Fairvilla is a chain of adult retail stores based in Orlando, Florida. It is owned by Bill Murphy and Shari Murphy.

== Background ==
Fairvilla opened its first location, called Fairvilla Twin Cinema, in 1971 in Orlando, Florida. Initially, it opened as a general theater, but, following the release of Deep Throat in 1972, it began showing adult soft-core features.

In 1991, Fairvilla Twin Cinema became Fairvilla Adult Video. The store added gifts, toys and lingerie and changed its name to reflect its expanded offerings, becoming Fairvilla Megastore in 1993. Fairvilla opened four additional locations in Florida.

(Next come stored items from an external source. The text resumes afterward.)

(* Let $F:\mathbb{R}^n\to\mathbb{R}$ be convex and $1$-smooth, let $x^\star$ be a minimizer of $F$ and $F^\star=F(x^\star)$. Let $k\ge1$, $N=2^k-1$, and let $(h_0,\dots,h_{N-1})=\pi_k$ be the silver stepsize schedule. Let $x^0\in\mathbb{R}^n$ and $x^{i+1}=x^i-h_i\nabla F(x^i)$ for $i=0,\dots,N-1$. Then, with $\rho=1+\sqrt2$ and writing $Q_i=F^\star-F(x^i)-\langle\nabla F(x^i),x^\star-x^i\rangle-\tfrac12\|\nabla F(x^i)\|^2$, $$(2\rho^k-1)\big(F^\star-F(x^N)\big)+\tfrac12\|x^0-x^\star\|^2-\sum_{i=0}^{N-1}h_iQ_i-\rho^kQ_N-\tfrac12\big\|x^N-\rho^k\nabla F(x^N)-x^\star\big\|^2\ge0.$$
   Context: A differentiable convex function $F$ is $1$-smooth if $\nabla F$ is $1$-Lipschitz (equivalently $\nabla F$ is $1$-cocoercive). The silver ratio is $\rho=1+\sqrt2$. The silver stepsize schedule $\pi_k\in\mathbb{R}^{2^k-1}$ is defined recursively by $\pi_1=(\sqrt2)$ and $\pi_{k+1}=(\pi_k,\ 1+\rho^{k-1},\ \pi_k)$ (concatenation). *)

From HB Require Import structures.
From mathcomp Require Import all_boot all_order all_algebra.
From mathcomp Require Import all_classical all_reals all_analysis.
Set Implicit Arguments. Unset Strict Implicit. Unset Printing Implicit Defensive.
Import Order.TTheory GRing.Theory Num.Theory.
Import numFieldNormedType.Exports.
Local Open Scope ring_scope.

Definition dotv {R : realType} {n : nat} (u v : 'rV[R]_n) : R :=
  \sum_(i < n) u ord0 i * v ord0 i.
Definition enorm {R : realType} {n : nat} (u : 'rV[R]_n) : R :=
  Num.sqrt (dotv u u).

Definition is_gradient {R : realType} {n : nat}
  (F : 'rV[R]_n -> R) (g : 'rV[R]_n -> 'rV[R]_n) : Prop :=
  forall x, differentiable F x /\ forall h, ('d F x : 'rV[R]_n -> R) h = dotv (g x) h.

Definition convex_fun {R : realType} {n : nat} (F : 'rV[R]_n -> R) : Prop :=
  forall x y (t : R), 0 <= t -> t <= 1 ->
    F ((1 - t) *: x + t *: y) <= (1 - t) * F x + t * F y.

Definition one_smooth {R : realType} {n : nat} (g : 'rV[R]_n -> 'rV[R]_n) : Prop :=
  forall x y, enorm (g x - g y) <= enorm (x - y).

Definition silver_ratio {R : realType} : R := 1 + Num.sqrt 2.

(* silver stepsize schedule pi_k (pi_0 := [::], unused) *)
Fixpoint silver {R : realType} (k : nat) : seq R :=
  match k with
  | 0 => [::]
  | 1 => [:: Num.sqrt 2]
  | k'.+1 => silver k' ++ (1 + silver_ratio ^+ (k'.-1)) :: silver k'
  end.

Fixpoint gd_iter {R : realType} {n : nat} (g : 'rV[R]_n -> 'rV[R]_n)
  (hs : seq R) (x0 : 'rV[R]_n) (i : nat) : 'rV[R]_n :=
  match i with
  | 0 => x0
  | i'.+1 => let x := gd_iter g hs x0 i' in x - nth 0 hs i' *: g x
  end.

From HB Require Import structures.
From mathcomp Require Import all_boot all_order all_algebra.
From mathcomp Require Import all_classical all_reals all_analysis.
From mathcomp Require Import ring lra zify.
Import Order.TTheory GRing.Theory Num.Theory.
Import numFieldNormedType.Exports.
Local Open Scope ring_scope.

(* Following Altschuler and Parrilo, generalize the expression of the theorem
   (the "certificate") to any schedule, final coefficient, starting point and
   reference pair (z, phi) in place of (xstar, F xstar).  For the recursion
   pi_(k+1) = (pi_k, 1 + rho^(k-1), pi_k), the certificate of pi_(k+1) equals,
   as a polynomial identity using only rho^2 = 2 rho + 1 and
   sum pi_k = rho^k - 1, the certificate of the first half plus rho^2 times the
   certificate of the second half relative to the reference pair
   (x - g x, F x - |g x|^2 / 2) taken at the junction point x, plus
   nonnegative multiples of cocoercivity gaps.  Those gaps are nonnegative for
   convex 1-smooth functions, so the certificate is nonnegative by induction. *)

Section InnerProduct.
Context {R : realType} {n : nat}.
Implicit Types u v w : 'rV[R]_n.

Definition sqnorm u := dotv u u.

Lemma dotvC u v : dotv u v = dotv v u.
Proof. by apply: eq_bigr => i _; rewrite mulrC. Qed.

Lemma dotvDl u v w : dotv (u + v) w = dotv u w + dotv v w.
Proof. by rewrite /dotv -big_split; apply: eq_bigr => i _; rewrite !mxE mulrDl. Qed.

Lemma dotvDr u v w : dotv w (u + v) = dotv w u + dotv w v.
Proof. by rewrite dotvC dotvDl !(dotvC w). Qed.

Lemma dotvZl a u v : dotv (a *: u) v = a * dotv u v.
Proof. by rewrite /dotv mulr_sumr; apply: eq_bigr => i _; rewrite !mxE mulrA. Qed.

Lemma dotvZr a u v : dotv u (a *: v) = a * dotv u v.
Proof. by rewrite dotvC dotvZl dotvC. Qed.

Lemma dotvNl u v : dotv (- u) v = - dotv u v.
Proof. by rewrite -scaleN1r dotvZl mulN1r. Qed.

Lemma dotvNr u v : dotv u (- v) = - dotv u v.
Proof. by rewrite dotvC dotvNl dotvC. Qed.

Lemma dotvBl u v w : dotv (u - v) w = dotv u w - dotv v w.
Proof. by rewrite dotvDl dotvNl. Qed.

Lemma dotvBr u v w : dotv w (u - v) = dotv w u - dotv w v.
Proof. by rewrite dotvDr dotvNr. Qed.

Lemma dotv0l v : dotv 0 v = 0.
Proof. by rewrite -(scale0r 0) dotvZl mul0r. Qed.

Lemma dotv_suml (I : Type) (r : seq I) (P : pred I) (u : I -> 'rV[R]_n) v :
  dotv (\sum_(i <- r | P i) u i) v = \sum_(i <- r | P i) dotv (u i) v.
Proof.
elim/big_rec2: _ => [|i y1 y2 _ <-]; first exact: dotv0l.
by rewrite dotvDl.
Qed.

Lemma sqnorm_ge0 u : 0 <= sqnorm u.
Proof. by apply: sumr_ge0 => i _; rewrite -expr2 sqr_ge0. Qed.

Lemma sqnormBZ a u v :
  sqnorm (u - a *: v) = sqnorm u - 2 * a * dotv u v + a ^+ 2 * sqnorm v.
Proof. rewrite /sqnorm !(dotvBl, dotvBr, dotvZl, dotvZr) (dotvC v u); ring. Qed.

Lemma enorm_sqr u : enorm u ^+ 2 = sqnorm u.
Proof. by rewrite sqr_sqrtr // sqnorm_ge0. Qed.

Lemma ler_enorm_sqnorm u v : enorm u <= enorm v -> sqnorm u <= sqnorm v.
Proof. by rewrite /enorm ler_sqrt // sqnorm_ge0. Qed.

End InnerProduct.

Section SmoothConvex.
Local Open Scope classical_set_scope.
Context {R : realType} {n : nat} (F : 'rV[R]_n -> R) (g : 'rV[R]_n -> 'rV[R]_n).
Hypotheses (gradF : is_gradient F g) (smooth_g : one_smooth g).

Lemma is_derive_along_line (x d : 'rV[R]_n) (t : R) :
  is_derive t 1 (fun s : R => F (s *: d + x)) (dotv (g (t *: d + x)) d).
Proof.
have quotE :
    (fun h : R => h^-1 *: (((fun s : R => F (s *: d + x)) \o shift t) (h *: 1)
                           - F (t *: d + x)))
    = (fun h : R => h^-1 *: ((F \o shift (t *: d + x)) (h *: d) - F (t *: d + x))).
  apply/funext => h /=; congr (_ *: (F _ - _)).
  by rewrite [h%:A]mulr1 scalerDl addrA.
have [dF gradE] := gradF (t *: d + x).
have dv : derivable F (t *: d + x) d by exact: diff_derivable.
apply: DeriveDef; first by rewrite /derivable quotE.
by rewrite /derive quotE -/(derive F _ _) deriveE // gradE.
Qed.

(* Mean value theorem for psi t = F (t d + x) - t <g x, d> - t^2 |d|^2 / 2, whose
   derivative <g (t d + x) - g x, d> - t |d|^2 is nonpositive on [0, 1] by
   the Lipschitz bound on g. *)
Lemma smooth_upper_bound x d :
  F (d + x) <= F x + dotv (g x) d + 2^-1 * sqnorm d.
Proof.
set c1 := dotv (g x) d; set c2 := sqnorm d.
pose psi (t : R) := F (t *: d + x) - (c1 * t + (2^-1 * c2) * (t * t)).
pose dpsi (s : R) := dotv (g (s *: d + x)) d
  - (c1 *: (1 : R) + (2^-1 * c2) *: (s *: (1 : R) + s *: (1 : R))).
have psi' (s : R) : is_derive s (1 : R) psi (dpsi s).
  by apply: is_deriveB; apply: is_derive_along_line.
have psi_cont : {within `[0, 1], continuous psi}.
  apply: continuous_subspaceT => s; apply: differentiable_continuous.
  by apply/derivable1_diffP; exact: (@ex_derive _ _ _ _ _ _ _ (psi' s)).
have [c /[!in_itv] /= /andP[c_gt0 c_lt1] psi_mvt] :=
  MVT ltr01 (fun s _ => psi' s) psi_cont.
have dpsi_le0 : dpsi c <= 0.
  have -> : dpsi c = dotv (g (c *: d + x) - g x) d - c * c2.
    by rewrite /dpsi dotvBl -/c1 /GRing.scale /= !mulr1; lra.
  set e := g (c *: d + x) - g x.
  have e_le : sqnorm e <= c ^+ 2 * c2.
    move: (smooth_g (c *: d + x) x) => /ler_enorm_sqnorm.
    by rewrite addrK /sqnorm dotvZl dotvZr mulrA -expr2.
  have := sqnorm_ge0 (e - c *: d); rewrite sqnormBZ -/c2.
  clearbody e; nra.
have : psi 1 - psi 0 <= 0 by rewrite psi_mvt subr0 mulr1.
rewrite /psi scale1r scale0r add0r !mul0r !mulr0 !addr0 mulr1 subr0; lra.
Qed.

In 1994, Murphy wanted to enlarge his store that was located on Orange Blossom Trail in the city limits of Orlando. He initially received the backing of city administrators (Departments of Zoning, etc.). However, later, they changed their minds after the outpouring of neighbors and churches and were denied his permits. Murphy sued and won against the city. The suit was won even in the appeals court. Murphy then sued the city for 1 million dollars. They settle the suit with Orlando city for $275,000

In 2002, when opening the third store, owner Bill Murphy filed a lawsuit against the city of Key West, because they refused to grant the store an adult business license. The store also met with some controversy when it opened its fourth store on the tourist-laden street International Drive in 2012.